At least in medicine people usually get a professional statistician involved early in study design. In climate science that never happens. Why would that be?
There are indeed more things in common, but I wanted to keep the comparison as concise as possible (I think it is still too long).
I also heard some rather high numbers of biased/beautified/false results in medical research (in Flanders this has to do with the publish-or-perish pressure and company funding). I would not go as far as saying that patients has to check medical papers themselves. This is highly specialized literature and not always related to patients (it is a long way from fundamental research to actual patients) and there are other checks and balances. I indeed also see an increasing importance of statistics in training as well as at level of project application, which is a good evolution.
Not to bash medicine, but:
According to a John’s Hopkins study, in the US there are estimated to be 250,000 deaths per year caused by medical error.
12 million Americans are misdiagnosed each year:
The medical experts, with their hundreds of years of “science”, get it wrong 12 million times a year.
Seems crazy to put so much faith in the diagnosis by climate scientists.
Re: nutritional science. See this:
It was certainly not my intention to bash medical science either, also not climate science. The only point that I wanted to make is that both sciences are inherently different and that therefor the doctor’s analogy doesn’t fly. The authority of one science can not be transferred to another when they can not be compared qualitatively nor quantitatively.

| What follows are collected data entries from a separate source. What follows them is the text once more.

(* A/C is a minimax Z-module: a finite series C = M_0 <= ... <= M_n = A
   of subgroups with each factor noetherian or artinian *)
Definition minimax_quot (C : A -> Prop) : Prop :=
  exists (n : nat) (M : nat -> A -> Prop),
    (forall i, zsubgroup (M i)) /\
    (forall a, M 0%N a <-> C a) /\
    (forall a, M n a) /\
    (forall i, (i < n)%N ->
       (forall a, M i a -> M i.+1 a) /\
       (noetherian_factor (M i.+1) (M i) \/ artinian_factor (M i.+1) (M i))).
End ModDefs.

Section CocDefs.
Variables (G : group) (A : zmodType) (V : ZGmodule G A).

Definition cent (H : G -> Prop) : A -> Prop :=
  fun a => forall h, H h -> act V h a = a.

Definition Coc : G -> Prop :=
  fun x => @minimax_quot A (cent (fun y => y = x)).

Definition minimax_antifinitary : Prop :=
  (forall H : G -> Prop, @is_subgroup G H -> (exists x, ~ H x) ->
     ~ @fin_gen_sub G H -> @minimax_quot A (cent H)) /\
  ~ @minimax_quot A (cent (fun _ => True)).
End CocDefs.

Arguments is_subgroup {G}.
Arguments gen {G}.
Arguments in_list {G}.
Arguments fin_gen_sub {G}.
Arguments normal_in {G}.
Arguments gpow {G}.
Arguments finite_index {G}.
Arguments index_eq {G}.
Arguments cent {G A}.
Arguments Coc {G A}.
Arguments minimax_antifinitary {G A}.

The interviewee also made the analogy in such a way that it wasn’t clear for me whether he made an appeal to the emotions, the appeal to authority and/and false comparison.
The first analogy was better as it was clearer and easier to understand. The second one might be more accurate but I found it difficult to grasp in a way that I could explain it to someone
I assume you mean the lists of things incommon/difference (“first analogy”) and the example distilled from that (“second analogy”)? In that case, I can certainly agree. I am not totally happy with that second example yet, I will probably refine it in the future, so it would be much clearer.
LikeLiked by 1 person
Pingback: Week in review – science edition | Climate Etc.
This diseased argument again? It keeps popping up like a micropopulation of cells with their natural apoptotic failsafes disabled as a result of a series ofdysplastic derangements.
It certainly is a tedious trope, isn’t it, and to all appearances it’s refractory to every treatment modality known to [the thinking] man.
We took a sledgehammer to the onco-analogy here…
…but your somewhat more scalpel-based approach is also valid.
Your sledgehammer style is surely more powerful and more direct than my approach. I just tried to bring both sciences to the same level and then see what happens. I could as well do the opposite and describe climate science as how medical research is currently being done (I already see it before me, a boldly-go-where-no-man-has-gone-before script in the far future with breeding programs of earth-like planets to be used in climate experiments, galaxy labs with the most cutting-edge equipment,…).